The buzz around insect protein: Protix inaugurates €45 million facility in the Netherlands
The plant is reportedly the largest processing facility for insects globally and will serve the animal nutrition sector
21 Jun 2019 --- Protix opened a 14,000 square meter processing plant in Bergen op Zoom, the Netherlands, last week. The new facility, which is supported by food, feed and advanced material processing company Bühler, is the largest processing plant for insects globally and followed a €45 million investment. The facility is able to produce protein for the animal nutrition sector, translating into feed for more than 5 million salmons, as well as for hens laying 250 million eggs. Organic byproducts from local distilleries, food producers and vegetable collectors are used to feed the black soldier flies.
The insect protein industry is growing, reportedly gaining US$300 million worth of investments last year, the company notes. “Protix is the most advanced insect company and has now demonstrated that insect protein is a serious alternative source of proteins for many applications,” describes Ian Roberts, CTO of Bühler Group. “With this new plant, we have proof that insect protein can be produced on an industrial scale. Now we must scale this solution globally to realize a more sustainable protein supply chain.”

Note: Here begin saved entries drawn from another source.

(* Consider $n>1$ agents over a time-varying directed graph $\mathbb N(t)=(\mathcal N,\mathcal E(t))$ running the push-sum update $v_i(1)=1$, $v_i(t+1)=l_i(t)v_i(t)+\sum_{j\in\mathcal N_i^{\mathrm{in}}(t)}l_j(t)v_j(t)$, where $l_i(t)=1/(1+o_i(t))$, $o_i(t)$ is the out-degree of $i$ and $\mathcal N_i^{\mathrm{in}}(t)$ its set of in-neighbors at time $t$. Let $\mathcal N_i^+(t)=\mathcal N_i^{\mathrm{in}}(t)\cup\{i\}$ and define the matrix $S(t)$ by $s_{ij}(t)=\frac{l_j(t)v_j(t)}{\sum_{k\in\mathcal N_i^+(t)}l_k(t)v_k(t)}$ for $j\in\mathcal N_i^+(t)$ and $s_{ij}(t)=0$ otherwise. Assume that for every $t$ there is a symmetric stochastic matrix with positive diagonal whose off-diagonal entries vanish outside $\mathcal E(t)$, and that $\{\mathbb N(t)\}$ is repeatedly jointly strongly connected. Then the system $h(t+1)=S(t)h(t)$ is uniformly exponentially consensus stable: there exist a finite constant $\gamma>0$ and $0\le\lambda<1$ such that for any $t_0$ and any $h(t_0)$, $|h(t)|_\infty\le\gamma\lambda^{t-t_0}|h(t_0)|_\infty$ for all $t\ge t_0$.
   Context: For $x\in\mathbb R^n$, $|x|_\infty=\frac12(\max_i x_i-\min_j x_j)$. Repeatedly jointly strongly connected: there is an integer $r\ge1$ such that for each $k\ge0$ the union of $\mathbb N(rk+1),\dots,\mathbb N(r(k+1))$ (edge sets united) is strongly connected. *)

From mathcomp Require Import all_boot all_order all_algebra.
From mathcomp Require Import reals.
Set Implicit Arguments. Unset Strict Implicit. Unset Printing Implicit Defensive.
Import Order.TTheory GRing.Theory Num.Theory.
Local Open Scope ring_scope.

Section PushSum.
Variables (R : realType) (n : nat).
(* E t j i  means the directed edge (j, i), i.e. j -> i, is in E(t). *)
Variable E : nat -> rel 'I_n.

Definition in_nbrs (t : nat) (i : 'I_n) : {set 'I_n} :=
  [set j | (j != i) && E t j i].
Definition in_nbrs_plus (t : nat) (i : 'I_n) : {set 'I_n} :=
  i |: in_nbrs t i.
Definition out_deg (t : nat) (i : 'I_n) : nat :=
  #|[set j | (j != i) && E t i j]|.
Definition lw (t : nat) (i : 'I_n) : R := (1 + (out_deg t i)%:R)^-1.

Definition ps_step (t : nat) (v : 'I_n -> R) : 'I_n -> R :=
  fun i => lw t i * v i + \sum_(j in in_nbrs t i) lw t j * v j.

(* push-sum weights; time starts at 1: v(1) = 1, v(t+1) = step t (v t).
   (v 0 is set to 1 as well and is never used.) *)
Fixpoint ps_v (t : nat) : 'I_n -> R :=
  match t with
  | 0 => fun _ => 1
  | t'.+1 => if t' is 0 then (fun _ => 1) else ps_step t' (ps_v t')
  end.

Definition Smx (t : nat) : 'M[R]_n :=
  \matrix_(i, j)
    (if j \in in_nbrs_plus t i then
       lw t j * ps_v t j / \sum_(k in in_nbrs_plus t i) lw t k * ps_v t k
     else 0).
End PushSum.

(* |x|_inf = (max_i x_i - min_j x_j)/2, written as max_{i,j}(x_i - x_j)/2 *)
Definition seminf (R : realType) (n : nat) (x : 'I_n -> R) : R :=
  (\big[Num.max/0]_(i < n) \big[Num.max/0]_(j < n) (x i - x j)) / 2.

Definition compatible_sym_stoch (R : realType) (n : nat) (Et : rel 'I_n) :=
  exists A : 'M[R]_n,
    [/\ A^T = A,
        forall i j, 0 <= A i j,
        forall i, \sum_j A i j = 1,
        forall i, 0 < A i i
      & forall i j, i != j -> ~~ Et i j -> A i j = 0].

(* repeatedly jointly strongly connected (time starts at 1) *)
Definition rep_jointly_sc (n : nat) (E : nat -> rel 'I_n) :=
  exists r : nat, (1 <= r)%N /\
    forall k : nat,
      let U := fun x y : 'I_n => [exists s : 'I_r, E (r * k + s + 1)%N x y] in
      forall x y : 'I_n, connect U x y.

From mathcomp Require Import all_boot all_order all_algebra.
From mathcomp Require Import reals.
From mathcomp Require Import zify lra.
Import Order.TTheory GRing.Theory Num.Theory.
Local Open Scope ring_scope.
Set Implicit Arguments. Unset Strict Implicit. Unset Printing Implicit Defensive.

(* Write S(t) = diag(v(t+1))^-1 M(t) diag(v(t)), where M(t) is the push-sum matrix
   with entry l_j(t) at (i, j) for j in N_i^+(t).  M(t) is column stochastic, so the
   weights keep total mass n, and its nonzero entries are at least 1/n.  Any r n
   consecutive steps contain n - 1 complete connectivity windows, each of which
   enlarges the set of nodes reached so far, so a product of L = r n consecutive
   M(t) is entrywise at least n^-L; hence v_i(t) >= n^-L for all t >= 1 (for t <= L
   already through the self-loops).  Therefore every nonzero entry of the row
   stochastic S(t) is at least n^-(L+2), every product of L consecutive S(t) is
   entrywise at least eta = n^-((L+2) L), and such a product shrinks |.|_inf by the
   factor 1 - 2 eta, while a single step never increases it. *)

Lemma connect_exit (T : finType) (e : rel T) (S : {set T}) x y :
  connect e x y -> x \in S -> y \notin S ->
  exists u w, [/\ u \in S, w \notin S & e u w].
Proof.
move=> /connectP [p]; elim: p x => [|z p IHp] x /=; first by move=> _ -> ->.
case/andP=> exz pz ylast xS yS.
have [zS | zNS] := boolP (z \in S); first exact: IHp pz ylast zS yS.
by exists x, z.
Qed.

Lemma proper_chain_full (T : finType) (S : nat -> {set T}) :
  S 0%N != set0 -> (forall m, S m \subset S m.+1) ->
  (forall m, S m != setT -> S m \proper S m.+1) -> S #|T|.-1 = setT.
Proof.
move=> S0 Ssub Sproper.
have card_S m : (minn m.+1 #|T| <= #|S m|)%N.
  elim: m => [|m IHm]; first by move: S0; rewrite -card_gt0; lia.
  have [SmT | SmT] := eqVneq (S m) setT.
    by move: (Ssub m); rewrite SmT subTset => /eqP ->; rewrite cardsT geq_minr.
  have := proper_card (Sproper m SmT); lia.
apply/eqP; rewrite eqEcard subsetT cardsT.
by have := card_S #|T|.-1; case: #|T| => //= k; rewrite minnn.
Qed.

Section Reach.
Variables (T : finType) (E : nat -> rel T).
Local Open Scope nat_scope.

Fixpoint reach (k : nat) (j : T) : {set T} :=
  if k is k'.+1 then [set i | [exists l in reach k' j, (l == i) || E k' l i]]
  else [set j].

Lemma reach_step k j l i :
  l \in reach k j -> (l == i) || E k l i -> i \in reach k.+1 j.
Proof. by move=> lj eli; rewrite inE; apply/existsP; exists l; rewrite lj. Qed.

Lemma reach_subS k j : reach k j \subset reach k.+1 j.
Proof. by apply/subsetP=> i ij; apply: reach_step ij _; rewrite eqxx. Qed.

Lemma reach_sub j : {homo reach^~ j : k m / k <= m >-> k \subset m}.
Proof.
apply: (homo_leq (f := reach^~ j) (r := fun A B => A \subset B)).
- exact: subxx.
- by move=> B A C; apply: subset_trans.
- by move=> p; apply: reach_subS.
Qed.

Lemma reach_self k j : j \in reach k j.
Proof. exact: subsetP (reach_sub j (leq0n k)) j (set11 j). Qed.

Lemma reach_window_proper r b j :
  (forall x y, connect (fun x y => [exists s : 'I_r, E (b + s) x y]) x y) ->
  reach b j != setT -> reach b j \proper reach (b + r) j.
Proof.
move=> conn; rewrite -subTset => /subsetPn [y _ yNreach].
have [u [w [ureach wNreach /existsP [s Euw]]]] :=
  connect_exit (conn j y) (reach_self b j) yNreach.
apply/properP; split; first by apply: reach_sub; apply: leq_addr.
exists w => //; apply: subsetP (reach_sub j (_ : (b + s).+1 <= b + r)) _ _.
  by rewrite ltn_add2l.
apply: reach_step (subsetP (reach_sub j (leq_addr s b)) _ ureach) _.
by rewrite Euw orbT.
Qed.

Lemma reach_full r a j K :
  (forall k x y,
     connect (fun x y => [exists s : 'I_r, E (a + r * k + s) x y]) x y) ->
  a + r * #|T|.-1 <= K -> reach K j = setT.
Proof.
move=> conn le_K; apply/eqP; rewrite -subTset.
have <- /= : reach (a + r * #|T|.-1) j = setT.
  apply: (proper_chain_full (S := fun m => reach (a + r * m) j)).
  - by apply/set0Pn; exists j; apply: reach_self.
  - by move=> m; apply: reach_sub; lia.
  - by move=> m /= /(reach_window_proper (conn m)); rewrite mulnSr addnA.
exact: reach_sub.
Qed.

End Reach.

Section MatrixProducts.
Variables (R : numDomainType) (n : nat).
Implicit Types (P Q : 'M[R]_n) (A : nat -> 'M[R]_n).

Definition row_stochastic Q :=
  (forall i j, 0 <= Q i j) /\ (forall i, \sum_j Q i j = 1).

Lemma row_stochastic1 : row_stochastic 1%:M.
Proof.
split=> [i j | i]; first by rewrite mxE ler0n.
rewrite (bigD1 i) //= big1 => [|j ji]; first by rewrite mxE eqxx addr0.
by rewrite mxE eq_sym (negbTE ji).
Qed.

Lemma row_stochasticM P Q :
  row_stochastic P -> row_stochastic Q -> row_stochastic (P *m Q).
Proof.
move=> [P_ge0 P1] [Q_ge0 Q1]; split=> [i j | i].
  by rewrite mxE; apply: sumr_ge0 => l _; apply: mulr_ge0.
under eq_bigr do rewrite mxE.
by rewrite exchange_big /=; under eq_bigr do rewrite -mulr_sumr Q1 mulr1.
Qed.

Fixpoint mxprod A k : 'M[R]_n :=
  if k is k'.+1 then A k' *m mxprod A k' else 1%:M.

Lemma mxprod_row_stochastic A k :
  (forall t, row_stochastic (A t)) -> row_stochastic (mxprod A k).
Proof.
move=> A_st; elim: k => [|k IHk] /=; first exact: row_stochastic1.
exact: row_stochasticM.
Qed.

“Protix has now fully transitioned into a commercially operating company with the new facility as proof of our progress,” says Kees Aarts, Founder and CEO of Protix. “We are leading the way here, technically, operationally, and commercially. The new fully automated processing solution provides a major quality increase with consistency improvements. This opening of the new facility, therefore, marks a major transition, not only for our company, but also for the entire sector and the markets we are producing for.”
The opening ceremony was attended by His Majesty the King of the Netherlands, Willem-Alexander, who was given a tour of each aspect of the cultivation process, from the egg to the final product. Farming occurs in a controlled environment, with high levels of automation. Sensor and data systems, robots, and climate controls are used to rear the larvae, which are used to produce protein meal and lipids for use in the animal nutrition sector to feed pigs, chicken, fish, as well as domestic animals.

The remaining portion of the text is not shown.